Book Conversation: Discriminating Data by Wendy Chun
In dialogue with Yuk Hui
In this event, Wendy Chun will discuss her latest book Discriminating Data (2021, MIT Press) in conversation with Yuk Hui.
In Discriminating Data, Chun reveals how polarization is a goal—not an error—within big data and machine learning. These methods, she argues, encode segregation, eugenics, and identity politics through their default assumptions and conditions. Correlation, which grounds big data’s predictive potential, stems from twentieth-century eugenic attempts to “breed” a better future. Recommender systems foster angry clusters of sameness through homophily. Users are “trained” to become authentically predictable via a politics and technology of recognition. Machine learning and data analytics thus seek to disrupt the future by making disruption impossible.
Chun, who has a background in systems design engineering as well as media studies and cultural theory, explains that although machine learning algorithms may not officially include race as a category, they embed whiteness as a default. Facial recognition technology, for example, relies on the faces of Hollywood celebrities and university undergraduates—groups not famous for their diversity. Homophily emerged as a concept to describe white U.S. resident attitudes to living in biracial yet segregated public housing. Predictive policing technology deploys models trained on studies of predominantly underserved neighbourhoods. Trained on selected and often discriminatory or dirty data, these algorithms are only validated if they mirror this data.
How can we release ourselves from the vice-like grip of discriminatory data? Chun calls for alternative algorithms, defaults, and interdisciplinary coalitions in order to desegregate networks and foster a more democratic big data.

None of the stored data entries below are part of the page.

Lemma Rmax4_mul_exp_le a M u v : 0 < a ->
  M <= (a + 1)^2 / a -> 1 / a <= u -> (a + 1)^2 <= v ->
  Rmax 4 M * exp (- (1/2) * u * v) <= 4 * exp (-2).
Proof.
  intros Ha HM Hu Hv.
  pose proof (four_le_sqr_succ_div a Ha).
  assert ((a + 1)^2 / a <= u * v).
  { replace ((a + 1)^2 / a) with (1 / a * (a + 1)^2) by (field; lra).
    apply Rmult_le_compat; try lra.
    - left. apply Rdiv_lt_0_compat; lra.
    - apply pow2_ge_0. }
  replace (- (1/2) * u * v) with (- (1/2) * (u * v)) by ring.
  apply mul_exp_neg_half_le; [apply Rmax_l|apply Rmax_lub; lra].
Qed.

Lemma C1_bounds a l : 0 < a -> 0 < l < 1 -> 0 <= Defs.C1 a l <= 4 * exp (-2).
Proof.
  intros Ha Hl. split.
  - unfold Defs.C1. pose proof (Rmax_l 4 ((a + 1)^2 / (a * (1 + l * a)))).
    pose proof (exp_pos (- (1/2) * ((1 + l * a) / ((1 - l) * a))
                         * ((a + 1)^2 + l * a / (1 + l * a)))). nra.
  - apply (Rmax4_mul_exp_le a); [exact Ha| | |].
    + apply Rdiv_le_cross; [nra|exact Ha|]. apply Rmult_le_compat_l; [apply pow2_ge_0|nra].
    + apply Rdiv_le_cross; nra.
    + assert (0 <= l * a / (1 + l * a)) by (apply Rle_mult_inv_pos; nra). lra.
Qed.

Lemma C2_bounds a l : 0 < a -> 0 < l < 1 -> 0 <= Defs.C2 a l <= 4 * exp (-2).
Proof.
  intros Ha Hl. split.
  - unfold Defs.C2. pose proof (Rmax_l 4 ((a + 1)^2 / (a + l))).
    pose proof (exp_pos (- (1/2) * ((a + l) / ((1 - l) * a^2))
                         * ((a + 1)^2 + l * a^2 / (a + l)))). nra.
  - assert (Ha2 : 0 < a^2) by (apply pow_lt, Ha).
    apply (Rmax4_mul_exp_le a); [exact Ha| | |].
    + apply Rdiv_le_cross; [lra|exact Ha|]. pose proof (pow2_ge_0 (a + 1)). nra.
    + apply Rdiv_le_cross; [lra|nra|]. simpl. nra.
    + assert (0 <= l * a^2 / (a + l)) by (apply Rle_mult_inv_pos; nra). lra.
Qed.

Lemma Kfun_le a d l : 0 < a -> 0 < l < 1 -> Kfun a d l <= 2 * (4 * exp (-2))^d.
Proof.
  intros Ha Hl. unfold Kfun.
  pose proof (C1_bounds a l Ha Hl). pose proof (C2_bounds a l Ha Hl).
  assert (0 <= Defs.C1 a l ^ d <= (4 * exp (-2))^d) by (split; [apply pow_le|apply pow_incr]; lra).
  assert (Defs.C2 a l ^ d <= (4 * exp (-2))^d) by (apply pow_incr; lra).
  assert (0 <= ((1 - l) * a + 1) / (a + 1) <= 1).
  { split; [apply Rle_mult_inv_pos; nra|].
    apply Rmult_le_reg_r with (a + 1); [lra|].
    unfold Rdiv. rewrite Rmult_assoc, Rinv_l by lra. nra. }
  nra.
Qed.

Lemma pow_succ_le_exp x n : 0 <= x -> (1 + x)^n <= exp (INR n * x).
Proof.
  intros Hx. induction n as [|n IH].
  - simpl. rewrite Rmult_0_l, exp_0. lra.
  - rewrite S_INR, Rmult_plus_distr_r, Rmult_1_l, exp_plus. simpl pow.
    rewrite Rmult_comm. apply Rmult_le_compat; [apply pow_le; lra|lra|exact IH|].
    apply exp_ineq1_le.
Qed.

Lemma exp2_ge : 69 / 10 <= exp 2.
Proof.
  replace 2 with (INR 32 * (1 / 16)) by (simpl; lra).
  eapply Rle_trans; [|apply pow_succ_le_exp; lra]. simpl. lra.
Qed.

Lemma sqrt_2PI_le : sqrt (2 * PI) <= 283 / 100.
Proof.
  pose proof PI_4. rewrite <- (sqrt_pow2 (283 / 100)) by lra.
  apply sqrt_le_1_alt. lra.
Qed.

Lemma gaussian_constant_le : sqrt (2 * PI) / exp 2 * (4 * exp (-2)) <= / 4.
Proof.
  pose proof exp2_ge. pose proof sqrt_2PI_le.
  replace (exp (-2)) with (/ exp 2) by (rewrite <- exp_Ropp; f_equal; ring).
  replace (sqrt (2 * PI) / exp 2 * (4 * / exp 2)) with (4 * sqrt (2 * PI) / (exp 2 * exp 2))
    by (field; pose proof (exp_pos 2); lra).
  replace (/ 4) with (1 / 4) by field. apply Rdiv_le_cross; nra.
Qed.

Lemma gaussian_factor_Kfun_le a d l : 0 < a -> 0 < l < 1 ->
  (sqrt (2 * PI) / exp 2)^d * Kfun a d l <= 2 * (/ 4)^d.
Proof.
  intros Ha Hl.
  set (q := sqrt (2 * PI) / exp 2).
  assert (Hq : 0 < q).
  { apply Rdiv_lt_0_compat; [apply sqrt_lt_R0; pose proof PI_RGT_0; lra|apply exp_pos]. }
  assert (Hqc : (q * (4 * exp (-2)))^d <= (/ 4)^d).
  { apply pow_incr. split; [|exact gaussian_constant_le].
    pose proof (exp_pos (-2)). nra. }
  rewrite Rpow_mult_distr in Hqc.
  pose proof (pow_le q d (Rlt_le _ _ Hq)).
  pose proof (Kfun_le a d l Ha Hl). nra.
Qed.

Lemma prodR_pos (f : nat -> R) d : (forall j, (j < d)%nat -> 0 < f j) -> 0 < prodR f d.
Proof.
  induction d as [|d IH]; intros Hf; simpl; [lra|].
  apply Rmult_lt_0_compat; [apply IH; intros; apply Hf; lia|apply Hf; lia].
Qed.

Lemma pow_Rpower_inv x d : 0 < x -> (0 < d)%nat -> Rpower x (1 / INR d) ^ d = x.
Proof.
  intros Hx Hd. assert (0 < INR d) by (apply lt_0_INR; exact Hd).
  rewrite <- Rpower_pow by (apply exp_pos). rewrite Rpower_mult.
  replace (1 / INR d * INR d) with 1 by (field; lra). apply Rpower_1, Hx.
Qed.

Lemma Rpower_neg_half_pred x e : 0 < x ->
  Rpower x (- (INR (S e) - 1) / 2) = / sqrt x ^ e.
Proof.
  intros Hx. replace (- (INR (S e) - 1) / 2) with (- (/ 2 * INR e)) by (rewrite S_INR; field).
  rewrite Rpower_Ropp, <- Rpower_mult, Rpower_sqrt, Rpower_pow by (try apply sqrt_lt_R0; exact Hx).
  reflexivity.
Qed.

Lemma floorR_nonneg x : 0 <= x -> (0 <= floorR x)%Z.
Proof.
  intros Hx. unfold floorR, Int_part. destruct (archimed x) as [Hup _].
  assert (0 < up x)%Z by (apply lt_0_IZR; lra). lia.
Qed.

Lemma Lfun_pos a l : (1 <= Lfun a l)%Z.
Proof.
  unfold Lfun. pose proof (floorR_nonneg _ (pow2_ge_0 (Lroot a l / (2 * l * a)))). lia.
Qed.

Theorem proposition15 (d : nat) (p : nat -> R) (l : R) :
  (3 <= d)%nat ->
  (forall j, (j < d)%nat -> 0 < p j < 1) ->
  0 < l < 1 ->
  let P := prodR (fun j => p j / (1 - p j)) d in
  let a := Rpower P (1 / INR d) in
  forall n : nat, (Lfun a l <= Z.of_nat n)%Z ->
  sum_f_R0 (fun k => (C n k)^d * P^k) n >=
    (sqrt (2 * PI) / exp 2)^d * Kfun a d l *
    Rpower (INR n) (- (INR d - 1) / 2) * (1 + a)^(d * n).
Proof.
  intros Hd Hp Hl P a n Hn.
  assert (HP : 0 < P).
  { apply prodR_pos. intros j Hj. destruct (Hp j Hj). apply Rdiv_lt_0_compat; lra. }
  assert (Ha : 0 < a) by apply exp_pos.
  assert (HaP : a^d = P) by (apply pow_Rpower_inv; [exact HP|lia]).
  assert (Hn1 : (1 <= n)%nat) by (pose proof (Lfun_pos a l); lia).
  clearbody P a. subst P. destruct d as [|e]; [lia|].
  rewrite (sum_eq _ (fun k => (C n k * a^k)^(S e)))
    by (intros k _; rewrite <- pow_mult, Nat.mul_comm, pow_mult, Rpow_mult_distr; reflexivity).
  rewrite Rpower_neg_half_pred, Nat.mul_comm, pow_mult by (apply lt_0_INR; lia).
  apply Rle_ge. eapply Rle_trans; [|apply sum_binomial_pow_ge; [lra|exact Hn1]].
  pose proof (gaussian_factor_Kfun_le a (S e) l Ha Hl).
  assert (0 <= ((1 + a)^n)^(S e) / sqrt (INR n) ^ e).
  { apply Rle_mult_inv_pos; [apply pow_le, pow_le; lra|apply pow_lt, sqrt_lt_R0, lt_0_INR; lia]. }
  assert (0 <= (/ 4)^(S e)) by (apply pow_le; lra).
  unfold Rdiv in *. nra.
Qed.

Wendy Hui Kyong Chun is Canada 150 Research Chair in New Media in the School of Communication, and Director of the Digital Democracies Institute at Simon Fraser University. She has studied both Systems Design Engineering and English Literature, which she combines and mutates in her current work on digital media. She is author of Control and Freedom: Power and Paranoia in the Age of Fiber Optics (MIT, 2006), Programmed Visions: Software and Memory (MIT 2011), Updating to Remain the Same: Habitual New Media (MIT 2016), and Discriminating Data (2021, MIT Press), and co-author of Pattern Discrimination (University of Minnesota + Meson Press 2019). She has been Professor and Chair of the Department of Modern Culture and Media at Brown University, where she worked for almost two decades and where she’s currently a Visiting Professor.